The Court cannot, however, conclude on the summary judgment record before it that the plaintiff has established as a matter of law that the escrow instructions at issue constitute a valid land sale contract. The problem is that the record contains two different versions of the first page of the escrow instructions — one showing a requirement for a $5,000 earnest money payment and a $45,000 payment to be made by the close of escrow and the other showing no earnest money and a requirement for a $50,000 payment by the close of escrow. Specific performance cannot be granted if the parties have not agreed on or more of the "important, essential or material terms" of the contract at issue, Daley, 131 Ariz. at 185, 639 P.2d at 375, and the plaintiff has offered no explanation for the noted discrepancy and has not shown that the differing terms related to earnest money are not important, essential or material to the parties' alleged contract.

The defendant, in her "response" to the summary judgment motion, conclusorily raises three arguments as to why the plaintiff is not entitled to specific performance. The Court is not persuaded by any of the them.

The defendant, without any explanation, has unacceptably failed to file a memorandum of points and authorities in opposition to the plaintiff's summary judgment motion as required by LRCiv 56.1. The defendant's response is in effect merely an affidavit from the defendant containing no discussion of the relevant law. The defendant's statement of facts is in effect just a redrafting of the defendant's affidavit.
The Court notes that the defendant's response filed with the Court did not contain the exhibits that were attached to the Chambers' courtesy copy and the plaintiff's copy of the response. The defendant, without seeking the Court's permission for a late filing, formally filed the exhibits in support of her response over two months late. The filed exhibits, however, were not the scanned copies or photocopies of the originals of the exhibits that had been provided to Chambers and the plaintiff, but were typed copies of the originals (some of which where wholly or partially hand-written in their original state.) This was apparently done, without seeking the Court's permission, because the defendant's counsel was having scanner problems at the time. Although it is totally inexplicable to the Court why the defendant's counsel thought that this "solution" to his problem was in anyway permissible, the Court deems it unnecessary to strike the exhibits because the plaintiff subsequently filed with the Court his copies of the originals of the defendant's exhibits.
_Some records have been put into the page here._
(* For every state $\rho\in\mathsf{St}(S)$, $$\mathsf{Erg}(\rho)\le \mathsf A_w(\rho)\,\max_{\sigma\in\mathsf{St}(S):\ \mathrm{Supp}(\sigma)\subseteq\mathrm{Supp}(\rho)}\mathsf{Erg}(\sigma)$$ and $$\mathsf{Erg}(\rho)\le\min\{\mathsf A_r(\rho),1\}\,(E_{i_{\max}}-E_1),$$ where $i_{\max}=\max\{i:\langle i|\rho|i\rangle\neq0\}$.
   Context: $S$ is a $d$-dimensional quantum system with non-degenerate Hamiltonian $H=\sum_i E_i|i\rangle\langle i|$, $E_1<\dots<E_d$. $\mathsf{St}(S)$ is the set of density matrices; $\mathrm{Supp}$ denotes the support (range). Ergotropy: $\mathsf{Erg}(\rho)=\mathrm{Tr}[H\rho]-\min_U\mathrm{Tr}[HU\rho U^\dagger]$ over unitaries $U$. $\mathsf P(S)$ is the set of passive states, i.e. states $\sum_i p_i|i\rangle\langle i|$ with $p_1\ge\dots\ge p_d$. Activity weight: $\mathsf A_w(\rho)=\min\{t\ge0:\ \rho=t\sigma+(1-t)\tau,\ \sigma\in\mathsf{St}(S),\ \tau\in\mathsf P(S)\}$. Robustness of activity: $\mathsf A_r(\rho)=\min\{t\ge0:\ \exists\sigma\in\mathsf{St}(S),\ (\rho+t\sigma)/(1+t)\in\mathsf P(S)\}$. *)

From mathcomp Require Import all_boot all_algebra.
From mathcomp Require Import classical_sets reals.
From mathcomp Require Import complex.
Set Implicit Arguments. Unset Strict Implicit. Unset Printing Implicit Defensive.
Import GRing.Theory Num.Theory.
Local Open Scope ring_scope.
Local Open Scope classical_set_scope.
Local Open Scope sesquilinear_scope.
Lemma zpow_scale (la : C) (z : 'I_n -> C) a :
  zpow (fun i => la * z i) a = la ^+ mdeg a * zpow z a.
Proof. by rewrite /zpow /mdeg -prodrXr -big_split; apply: eq_bigr => i _; apply: exprMn. Qed.

Lemma zpow_kronecker B (x : C) (a : mindex n) :
  zpow (fun i => x ^+ (B ^ i)) a = x ^+ kronecker B a.
Proof. by rewrite /zpow /kronecker -prodrXr; apply: eq_bigr => i _; rewrite -exprM mulnC. Qed.

Lemma psum_line (phi : coeffs R n) (z : 'I_n -> C) (la : C) N :
  psum phi (fun i => la * z i) N =
  \sum_(k < N.+1) (\sum_(a <- mi_eq n k) phi a * zpow z a) * la ^+ k.
Proof.
rewrite /psum big_mi_le_mdeg; apply: eq_bigr => k _; rewrite big_distrl /=.
apply: eq_big_seq => a; rewrite mem_mi_eq => /eqP <-; rewrite zpow_scale; ring.
Qed.

Lemma schur_homog_part_le1 (phi : coeffs R n) (z : 'I_n -> C) k :
  in_schur_ball phi -> (forall i, `|z i| = 1) ->
  `|\sum_(a <- mi_eq n k) phi a * zpow z a| <= 1.
Proof.
move=> phi_schur z1; apply: (@cauchy_coef_le1 R (fun k => \sum_(a <- mi_eq n k) phi a * zpow z a)).
- move=> s s0 s1; have lt1 i : `|s * z i| < 1 by rewrite normrM z1 mulr1 ger0_norm.
  have [[M HM] _] := phi_schur _ lt1; exists M => N; apply: le_trans (HM N).
  rewrite big_mi_le_mdeg; apply: ler_sum => j _.
  rewrite -(ger0_norm (exprn_ge0 j s0)) -normrM big_distrl /=.
  apply: le_trans (ler_norm_sum _ _ _) _.
  rewrite (eq_big_seq (fun a => `|phi a * zpow (fun i => s * z i) a|)) // => a.
  by rewrite mem_mi_eq => /eqP <-; rewrite zpow_scale; congr `|_|; ring.
- move=> la la1; have lt1 i : `|la * z i| < 1 by rewrite normrM z1 mulr1.
  have [_ [l [cvg_l l1]]] := phi_schur _ lt1; exists l; split => //.
  by under eq_fun do rewrite -psum_line.
Qed.
Lemma card_product_gen : #|product_gen| = \sum_u ladim (eH u) + #|Iprime| + #|A|.
Proof.
have cF u : #|fibre_gen u| = ladim (eH u) + (u \in A :|: Iprime) by case: (fibre_genP u).
rewrite card_sections; under eq_bigr do rewrite section_graph cF.
rewrite big_split /= -card_sum_mem -addnA; congr (_ + _).
have AIp : A :&: Iprime = set0.
  apply/setP => x; rewrite !inE; apply/negP => /andP[/(subsetP resolving_sub)].
  by rewrite mem_XE => /andP[/negbTE->].
by rewrite cardsU AIp cards0 subn0 addnC.
Qed.

End UpperBound.

End Representatives.

End LexicographicProduct.

Theorem theorem2 (VG : finType) (eG : rel VG) (H : VG -> finType)
    (eH : forall i, rel (H i)) (rep : {set VG} -> VG) :
  symmetric eG -> irreflexive eG ->
  (forall i, symmetric (eH i)) -> (forall i, irreflexive (eH i)) ->
  (forall i, 0 < #|H i|) ->
  2 <= #|VG| ->
  connected eG ->
  (forall U, U \in nstwin_classes eG -> Iset eH :&: U != set0 ->
     rep U \in Iset eH :&: U) ->
  ldim (lexprod eG eH) =
    \sum_(i : VG) ladim (eH i)
    + \sum_(U in nstwin_classes eG | Iset eH :&: U != set0)
         (#|Iset eH :&: U| - 1)
    + rho eG eH (XE_of eG eH rep).
Proof.
move=> symG irrG symH irrH H_gt0 VG_ge2 conG repP.
rewrite (card_Iprime repP); apply/eqP; rewrite eqn_leq; apply/andP; split.
  have [A resA cA] := min_card_attained (resolving_XE eH irrG rep).
  rewrite -[rho _ _ _]cA -(card_product_gen symH irrH repP resA); apply: min_card_le.
  exact: (product_gen_metric symG irrG symH irrH H_gt0 VG_ge2 conG repP resA).
have [S gS cS] := min_card_attained (local_metric_gen_setT (lexprod_irr irrG irrH)).
rewrite -[ldim _]cS.
exact: (ldim_lower_bound symG irrG symH irrH H_gt0 VG_ge2 conG repP gS).
Qed.
(* Let $L$ be a positive integer, let $n_1,\dots,n_L$ be integers with $1\le n_i\le L$, and put $M=\sum_{i=1}^L n_i$. Let $\mathcal P$ be the set of vectors $\mathbf p=\frac1M\sum_{i=1}^L\mathbf e_i\in\mathbb R^L$ where each $\mathbf e_i\in\{0,1\}^L$ has exactly $n_i$ ones, and let $\mathrm{conv}(\mathcal P)$ be its convex hull. Let $\mathbf e_i^\star\in\{0,1\}^L$ be the vector whose first $n_i$ components are $1$ and remaining $L-n_i$ components are $0$, and set $\mathbf p^\star=\frac1M\sum_{i=1}^L\mathbf e_i^\star$. Then $\mathbf p^\star$ is a probability mass function on $[L]$ and $$H(\mathbf p^\star)=\min_{\mathbf p\in\mathcal P}H(\mathbf p)=\min_{\mathbf p\in\mathrm{conv}(\mathcal P)}H(\mathbf p);$$ moreover every minimizer of $H$ over $\mathrm{conv}(\mathcal P)$ is a permutation of (the components of) $\mathbf p^\star$.
   Context: $H(\mathbf p)=-\sum_i\mathbf p(i)\log_2\mathbf p(i)$ is the Shannon entropy (with $0\log0=0$). In the paper, $L=2^{x+y}$, $M=3^{x+y}$ and the $n_i$ are the sizes of the classes of input triples with a given arithmetic sum, grouped by the value of the third input; $\mathbf p^\star$ is called the ''clumpy'' distribution. *)

From Stdlib Require Import Reals Lra List Permutation.
Open Scope R_scope.

Definition sumR (n : nat) (f : nat -> R) : R :=
  fold_right Rplus 0 (map f (seq 0 n)).

Definition log2 (x : R) : R := ln x / ln 2.

(* x log2 x with the convention 0 log 0 = 0 *)
Definition plog2 (x : R) : R := if Req_EM_T x 0 then 0 else x * log2 x.

(* Shannon entropy of a vector p in R^L (components p 0, ..., p (L-1)) *)
Definition entropy (L : nat) (p : nat -> R) : R := - sumR L (fun j => plog2 (p j)).

Definition Msum (L : nat) (n : nat -> nat) : R := sumR L (fun i => INR (n i)).

(* p is in the set P: p = (1/M) sum_i e_i where e_i in {0,1}^L has exactly n_i ones
   (e_i is given as E i). Vectors are compared on components 0..L-1. *)
Definition inP (L : nat) (n : nat -> nat) (p : nat -> R) : Prop :=
  exists E : nat -> nat -> R,
    (forall i j, (i < L)%nat -> (j < L)%nat -> E i j = 0 \/ E i j = 1) /\
    (forall i, (i < L)%nat -> sumR L (fun j => E i j) = INR (n i)) /\
    (forall j, (j < L)%nat -> p j = / Msum L n * sumR L (fun i => E i j)).

Definition in_convP (L : nat) (n : nat -> nat) (p : nat -> R) : Prop :=
  exists (K : nat) (w : nat -> R) (q : nat -> nat -> R),
    (forall k, (k < K)%nat -> 0 <= w k /\ inP L n (q k)) /\
    sumR K w = 1 /\
    (forall j, (j < L)%nat -> p j = sumR K (fun k => w k * q k j)).

Definition pstar (L : nat) (n : nat -> nat) (j : nat) : R :=
  / Msum L n * sumR L (fun i => if Nat.ltb j (n i) then 1 else 0).

Definition is_pmf (L : nat) (p : nat -> R) : Prop :=
  (forall j, (j < L)%nat -> 0 <= p j) /\ sumR L p = 1.

From Stdlib Require Import Reals Lra Lia List Permutation Sorted.
Open Scope R_scope.

(* Every point p of conv(P) is majorized by p*: any k coordinates of a point of P
   sum to at most (1/M) sum_i min(n_i, k), since e_i puts at most min(n_i, k) ones
   on them, and this is exactly the sum of the first k coordinates of p*.
   Let x be the nonincreasing rearrangement of p and y = p*.  Gibbs' inequality gives
   sum y ln y - sum y ln x >= sum y - sum x = 0, and Abel summation against the
   nonincreasing weights ln x_t turns majorization into sum (y - x) ln x >= 0.
   Hence sum x ln x <= sum y ln y, and equality forces equality in every Gibbs term,
   i.e. x = y. *)

Definition lsum (l : list R) : R := fold_right Rplus 0 l.

Lemma lsum_app l1 l2 : lsum (l1 ++ l2) = lsum l1 + lsum l2.
Proof. induction l1 as [|a l1 IH]; simpl; [lra|]. unfold lsum in *; simpl; rewrite IH; lra. Qed.

Lemma lsum_perm l1 l2 : Permutation l1 l2 -> lsum l1 = lsum l2.
Proof. induction 1; unfold lsum in *; simpl; lra. Qed.

Lemma sumR_lsum n f : sumR n f = lsum (map f (seq 0 n)).
Proof. reflexivity. Qed.

Section MapSums.
Context {A : Type}.
Implicit Types (s : list A) (f g : A -> R).

Lemma lsum_map_ext s f g : (forall a, In a s -> f a = g a) ->
  lsum (map f s) = lsum (map g s).
Proof. intros H; f_equal; apply map_ext_in; auto. Qed.

Lemma lsum_map_plus s f g :
  lsum (map (fun a => f a + g a) s) = lsum (map f s) + lsum (map g s).
Proof. induction s as [|a s IH]; unfold lsum in *; simpl; [lra|]. rewrite IH; lra. Qed.

Lemma lsum_map_minus s f g :
  lsum (map (fun a => f a - g a) s) = lsum (map f s) - lsum (map g s).
Proof. induction s as [|a s IH]; unfold lsum in *; simpl; [lra|]. rewrite IH; lra. Qed.

Lemma lsum_map_mult_l s c f :
  lsum (map (fun a => c * f a) s) = c * lsum (map f s).
Proof. induction s as [|a s IH]; unfold lsum in *; simpl; [lra|]. rewrite IH; lra. Qed.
First, the defendant contends that the plaintiff breached his oral agreement for the purchase of the property, which included his promise to provide her with a place to live for seven years or until her next lottery installment. This contention is meritless as a matter of law because the alleged oral contract violates the statute of frauds. Pursuant to A.R.S. § 44-101(6), any agreement for the sale of real property requires that the agreement, or some memorandum thereof, be in writing and signed by the person to be charged. The document that the defendant states represents the terms of the oral contract also does not satisfy the statute of frauds because it is unsigned and does not sufficiently set forth the parties and terms of the alleged agreement. See T.D. Dennis Builder, Inc. v. Goff, 101 Ariz. at 213, 418 P.2d at 369 ("We have held that to constitute a sufficient memorandum of an oral agreement the writing must contain: an identification of the parties, a description of the subject matter of the contract, the purchase price and the time and conditions of payment.")

To the extent that the plaintiff may be raising it as an issue, any oral promise by the plaintiff, separate from the land sale agreement, to provide the defendant with a place to live for either seven years or until the she obtained her next California lottery payment is also subject to the statute of frauds because the plaintiff has not established that any such agreement could be performed within one year of its making. A.R.S. § 44-101(6).

Second, the defendant's contention that the plaintiff agreed to the cancellation of the escrow also is insufficient to create a triable issue of fact because the defendant has not provided any admissible evidence in support of it.

Third, the defendant's contention that there was a mutual mistake regarding her obligation to pay a real estate commission on the sale of the property is also insufficient to create a triable issue of fact. Under Arizona law, a mutual mistake exists where "there has been a meeting of the minds of the parties, and an agreement is actually entered into, but the agreement in its written form does not express what was really intended by the parties." Hill-Shafer Partnership v. Chilson Family Trust, 165 Ariz. 469, 473, 799 P.2d 810, 814 (1990). The defendant has not established any mutual mistake because there is no significantly probative evidence of record showing that the plaintiff ever agreed to pay a real estate commission to anyone or that he agreed that the contract for the sale of the property was in anyway contingent on the defendant not paying a sales commission to anyone.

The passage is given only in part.